Exercise description: From the records below, transcribe exactly the lines that begin at the line with "Lemma code_push_word c" and end at the line with "by have := @cox_cancel", both included.

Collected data
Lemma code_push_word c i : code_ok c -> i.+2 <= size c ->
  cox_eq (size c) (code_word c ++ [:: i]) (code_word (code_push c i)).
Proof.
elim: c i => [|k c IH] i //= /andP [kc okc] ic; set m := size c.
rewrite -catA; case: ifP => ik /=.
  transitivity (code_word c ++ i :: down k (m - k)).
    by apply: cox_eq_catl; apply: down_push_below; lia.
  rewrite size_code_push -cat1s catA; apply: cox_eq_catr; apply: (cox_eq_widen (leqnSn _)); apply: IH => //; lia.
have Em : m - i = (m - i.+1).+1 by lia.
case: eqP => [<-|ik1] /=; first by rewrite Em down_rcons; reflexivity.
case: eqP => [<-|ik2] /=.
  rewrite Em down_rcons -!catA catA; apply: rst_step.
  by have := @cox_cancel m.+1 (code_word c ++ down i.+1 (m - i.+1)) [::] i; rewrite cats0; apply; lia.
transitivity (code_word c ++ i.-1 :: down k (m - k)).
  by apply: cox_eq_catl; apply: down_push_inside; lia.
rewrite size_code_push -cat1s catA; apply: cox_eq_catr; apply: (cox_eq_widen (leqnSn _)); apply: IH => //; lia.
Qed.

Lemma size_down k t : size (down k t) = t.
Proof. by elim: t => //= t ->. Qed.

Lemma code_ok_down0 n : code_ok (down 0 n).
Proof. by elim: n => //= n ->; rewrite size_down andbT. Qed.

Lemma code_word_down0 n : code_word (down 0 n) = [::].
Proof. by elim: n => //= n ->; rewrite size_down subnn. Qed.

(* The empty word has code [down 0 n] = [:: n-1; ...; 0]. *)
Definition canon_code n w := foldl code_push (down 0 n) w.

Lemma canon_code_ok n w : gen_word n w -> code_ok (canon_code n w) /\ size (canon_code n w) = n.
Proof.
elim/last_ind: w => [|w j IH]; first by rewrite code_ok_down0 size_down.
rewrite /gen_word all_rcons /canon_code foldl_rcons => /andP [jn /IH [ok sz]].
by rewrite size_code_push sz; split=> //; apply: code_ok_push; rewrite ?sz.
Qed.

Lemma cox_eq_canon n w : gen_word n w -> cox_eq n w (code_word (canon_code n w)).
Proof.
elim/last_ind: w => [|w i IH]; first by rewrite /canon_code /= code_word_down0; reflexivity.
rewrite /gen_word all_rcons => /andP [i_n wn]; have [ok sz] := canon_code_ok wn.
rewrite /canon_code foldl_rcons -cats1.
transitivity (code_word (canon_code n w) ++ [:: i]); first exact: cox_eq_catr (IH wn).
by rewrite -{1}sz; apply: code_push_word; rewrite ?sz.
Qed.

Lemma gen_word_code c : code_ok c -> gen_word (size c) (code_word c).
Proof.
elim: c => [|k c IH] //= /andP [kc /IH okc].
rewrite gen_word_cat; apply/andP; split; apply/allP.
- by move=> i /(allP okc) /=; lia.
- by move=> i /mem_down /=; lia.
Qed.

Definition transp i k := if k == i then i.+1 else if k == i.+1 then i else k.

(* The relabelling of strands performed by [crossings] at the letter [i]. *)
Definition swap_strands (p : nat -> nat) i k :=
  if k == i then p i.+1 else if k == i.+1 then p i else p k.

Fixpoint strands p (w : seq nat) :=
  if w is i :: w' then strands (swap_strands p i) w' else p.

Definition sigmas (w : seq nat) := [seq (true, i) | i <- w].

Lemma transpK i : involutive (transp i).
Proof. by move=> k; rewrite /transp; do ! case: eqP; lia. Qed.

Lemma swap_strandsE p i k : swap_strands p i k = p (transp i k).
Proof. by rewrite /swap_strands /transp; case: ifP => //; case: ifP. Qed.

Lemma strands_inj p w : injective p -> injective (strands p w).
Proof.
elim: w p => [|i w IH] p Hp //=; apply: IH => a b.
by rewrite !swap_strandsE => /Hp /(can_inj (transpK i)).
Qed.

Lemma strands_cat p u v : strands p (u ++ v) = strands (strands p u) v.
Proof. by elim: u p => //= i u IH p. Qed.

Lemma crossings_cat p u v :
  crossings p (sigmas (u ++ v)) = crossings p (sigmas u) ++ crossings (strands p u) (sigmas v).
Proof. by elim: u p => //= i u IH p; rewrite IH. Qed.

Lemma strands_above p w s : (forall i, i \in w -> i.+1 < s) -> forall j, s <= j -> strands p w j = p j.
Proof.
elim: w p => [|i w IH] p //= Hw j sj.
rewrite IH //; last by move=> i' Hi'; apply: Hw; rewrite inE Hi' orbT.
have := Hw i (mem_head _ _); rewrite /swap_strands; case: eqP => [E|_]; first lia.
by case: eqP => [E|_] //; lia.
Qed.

---

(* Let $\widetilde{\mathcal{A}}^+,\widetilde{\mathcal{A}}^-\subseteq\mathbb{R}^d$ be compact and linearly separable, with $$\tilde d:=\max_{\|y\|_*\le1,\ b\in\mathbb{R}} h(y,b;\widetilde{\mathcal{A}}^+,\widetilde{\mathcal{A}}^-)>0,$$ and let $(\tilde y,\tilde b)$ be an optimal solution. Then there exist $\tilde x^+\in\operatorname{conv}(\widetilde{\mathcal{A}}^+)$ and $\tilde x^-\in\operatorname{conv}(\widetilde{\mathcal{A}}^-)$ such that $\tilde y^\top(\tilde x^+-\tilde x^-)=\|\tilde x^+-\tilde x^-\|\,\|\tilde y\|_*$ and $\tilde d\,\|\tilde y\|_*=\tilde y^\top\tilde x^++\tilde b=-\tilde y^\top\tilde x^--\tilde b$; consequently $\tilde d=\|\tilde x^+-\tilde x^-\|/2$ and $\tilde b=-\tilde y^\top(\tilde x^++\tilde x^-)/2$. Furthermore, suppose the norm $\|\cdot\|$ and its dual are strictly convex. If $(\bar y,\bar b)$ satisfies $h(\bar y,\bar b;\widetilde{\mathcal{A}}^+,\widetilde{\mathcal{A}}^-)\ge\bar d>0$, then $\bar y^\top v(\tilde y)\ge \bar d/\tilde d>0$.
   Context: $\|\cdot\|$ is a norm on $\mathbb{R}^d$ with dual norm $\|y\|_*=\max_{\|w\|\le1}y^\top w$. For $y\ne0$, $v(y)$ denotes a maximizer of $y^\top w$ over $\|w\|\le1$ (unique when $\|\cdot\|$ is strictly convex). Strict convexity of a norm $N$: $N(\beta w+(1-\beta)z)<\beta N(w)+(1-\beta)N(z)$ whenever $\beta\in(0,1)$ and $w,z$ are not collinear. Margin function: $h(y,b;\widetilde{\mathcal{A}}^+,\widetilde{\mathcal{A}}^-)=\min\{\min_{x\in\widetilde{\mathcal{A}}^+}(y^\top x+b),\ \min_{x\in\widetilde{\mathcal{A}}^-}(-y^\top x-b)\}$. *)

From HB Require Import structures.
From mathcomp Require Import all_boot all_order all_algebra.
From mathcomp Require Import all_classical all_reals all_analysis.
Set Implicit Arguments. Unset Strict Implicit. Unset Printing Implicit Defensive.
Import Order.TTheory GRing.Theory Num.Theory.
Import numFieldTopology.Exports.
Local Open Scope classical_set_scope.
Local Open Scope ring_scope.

---

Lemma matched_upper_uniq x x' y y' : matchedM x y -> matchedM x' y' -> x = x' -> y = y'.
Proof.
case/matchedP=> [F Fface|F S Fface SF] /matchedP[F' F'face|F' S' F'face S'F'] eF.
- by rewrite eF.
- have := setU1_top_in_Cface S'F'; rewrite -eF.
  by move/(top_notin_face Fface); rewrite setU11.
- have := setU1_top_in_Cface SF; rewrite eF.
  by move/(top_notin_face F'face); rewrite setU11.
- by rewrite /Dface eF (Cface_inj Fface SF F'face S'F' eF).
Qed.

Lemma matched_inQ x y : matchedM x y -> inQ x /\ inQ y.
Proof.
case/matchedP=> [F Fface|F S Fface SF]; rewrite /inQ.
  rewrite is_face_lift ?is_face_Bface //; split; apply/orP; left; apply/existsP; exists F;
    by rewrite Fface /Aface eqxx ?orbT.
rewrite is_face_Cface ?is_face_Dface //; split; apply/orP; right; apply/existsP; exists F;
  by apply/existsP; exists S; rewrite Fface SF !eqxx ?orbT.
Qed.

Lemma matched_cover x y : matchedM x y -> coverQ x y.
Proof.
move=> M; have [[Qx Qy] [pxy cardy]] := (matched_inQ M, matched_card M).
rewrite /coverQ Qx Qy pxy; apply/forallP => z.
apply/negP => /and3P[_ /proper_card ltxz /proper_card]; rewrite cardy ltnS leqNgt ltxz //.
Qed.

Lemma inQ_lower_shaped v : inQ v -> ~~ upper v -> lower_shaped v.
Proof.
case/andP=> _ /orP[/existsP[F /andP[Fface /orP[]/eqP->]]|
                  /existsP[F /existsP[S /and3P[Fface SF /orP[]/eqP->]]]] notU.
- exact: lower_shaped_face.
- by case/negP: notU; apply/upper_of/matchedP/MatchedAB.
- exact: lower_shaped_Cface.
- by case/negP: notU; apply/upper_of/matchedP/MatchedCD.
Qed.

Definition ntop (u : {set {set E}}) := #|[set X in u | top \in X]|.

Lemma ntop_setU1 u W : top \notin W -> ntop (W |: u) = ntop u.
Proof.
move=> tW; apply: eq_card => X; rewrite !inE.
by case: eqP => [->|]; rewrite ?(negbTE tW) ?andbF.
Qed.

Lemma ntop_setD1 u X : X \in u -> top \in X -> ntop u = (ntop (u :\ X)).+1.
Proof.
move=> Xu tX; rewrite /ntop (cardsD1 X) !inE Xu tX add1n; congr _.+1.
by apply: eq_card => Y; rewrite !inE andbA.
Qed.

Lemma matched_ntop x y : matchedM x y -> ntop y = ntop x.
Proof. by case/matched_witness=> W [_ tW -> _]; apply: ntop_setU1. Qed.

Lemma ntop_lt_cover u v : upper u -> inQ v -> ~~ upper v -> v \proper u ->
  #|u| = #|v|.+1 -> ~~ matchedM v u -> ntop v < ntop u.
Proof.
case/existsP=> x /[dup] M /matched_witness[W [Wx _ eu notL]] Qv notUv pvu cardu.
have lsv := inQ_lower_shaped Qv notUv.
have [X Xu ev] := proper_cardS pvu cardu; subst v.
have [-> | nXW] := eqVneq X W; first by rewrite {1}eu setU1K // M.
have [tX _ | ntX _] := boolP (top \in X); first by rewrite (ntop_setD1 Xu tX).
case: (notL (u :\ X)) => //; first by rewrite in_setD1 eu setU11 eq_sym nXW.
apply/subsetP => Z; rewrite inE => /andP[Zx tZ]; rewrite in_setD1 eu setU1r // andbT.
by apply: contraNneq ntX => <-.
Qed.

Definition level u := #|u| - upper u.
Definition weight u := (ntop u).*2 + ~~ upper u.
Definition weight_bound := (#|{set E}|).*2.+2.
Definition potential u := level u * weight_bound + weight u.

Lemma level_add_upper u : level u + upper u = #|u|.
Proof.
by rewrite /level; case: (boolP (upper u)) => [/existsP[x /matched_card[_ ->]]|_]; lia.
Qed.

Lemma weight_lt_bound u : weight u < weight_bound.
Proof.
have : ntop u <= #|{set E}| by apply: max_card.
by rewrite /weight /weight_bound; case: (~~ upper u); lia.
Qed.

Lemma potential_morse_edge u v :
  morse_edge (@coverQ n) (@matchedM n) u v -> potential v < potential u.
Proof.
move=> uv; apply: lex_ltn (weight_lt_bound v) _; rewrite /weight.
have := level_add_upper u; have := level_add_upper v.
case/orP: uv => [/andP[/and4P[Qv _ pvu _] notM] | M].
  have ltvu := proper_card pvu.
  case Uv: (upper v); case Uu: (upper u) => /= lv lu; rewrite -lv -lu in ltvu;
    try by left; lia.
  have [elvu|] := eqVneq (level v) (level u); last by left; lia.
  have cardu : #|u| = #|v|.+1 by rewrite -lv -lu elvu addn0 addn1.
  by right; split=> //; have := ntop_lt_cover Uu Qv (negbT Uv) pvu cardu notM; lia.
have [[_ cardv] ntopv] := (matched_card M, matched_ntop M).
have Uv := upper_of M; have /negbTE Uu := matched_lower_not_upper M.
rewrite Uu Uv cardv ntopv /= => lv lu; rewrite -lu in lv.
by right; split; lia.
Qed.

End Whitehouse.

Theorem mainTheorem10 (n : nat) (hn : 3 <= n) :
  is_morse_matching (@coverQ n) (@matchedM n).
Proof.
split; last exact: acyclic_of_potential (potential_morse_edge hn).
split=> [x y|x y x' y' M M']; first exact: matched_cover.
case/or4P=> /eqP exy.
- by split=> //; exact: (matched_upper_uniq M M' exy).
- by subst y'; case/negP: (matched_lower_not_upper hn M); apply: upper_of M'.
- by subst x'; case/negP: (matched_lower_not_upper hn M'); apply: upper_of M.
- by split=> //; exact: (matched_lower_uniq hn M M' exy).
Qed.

Solution for this exercise:
Lemma code_push_word c i : code_ok c -> i.+2 <= size c ->
  cox_eq (size c) (code_word c ++ [:: i]) (code_word (code_push c i)).
Proof.
elim: c i => [|k c IH] i //= /andP [kc okc] ic; set m := size c.
rewrite -catA; case: ifP => ik /=.
  transitivity (code_word c ++ i :: down k (m - k)).
    by apply: cox_eq_catl; apply: down_push_below; lia.
  rewrite size_code_push -cat1s catA; apply: cox_eq_catr; apply: (cox_eq_widen (leqnSn _)); apply: IH => //; lia.
have Em : m - i = (m - i.+1).+1 by lia.
case: eqP => [<-|ik1] /=; first by rewrite Em down_rcons; reflexivity.
case: eqP => [<-|ik2] /=.
  rewrite Em down_rcons -!catA catA; apply: rst_step.
  by have := @cox_cancel m.+1 (code_word c ++ down i.+1 (m - i.+1)) [::] i; rewrite cats0; apply; lia.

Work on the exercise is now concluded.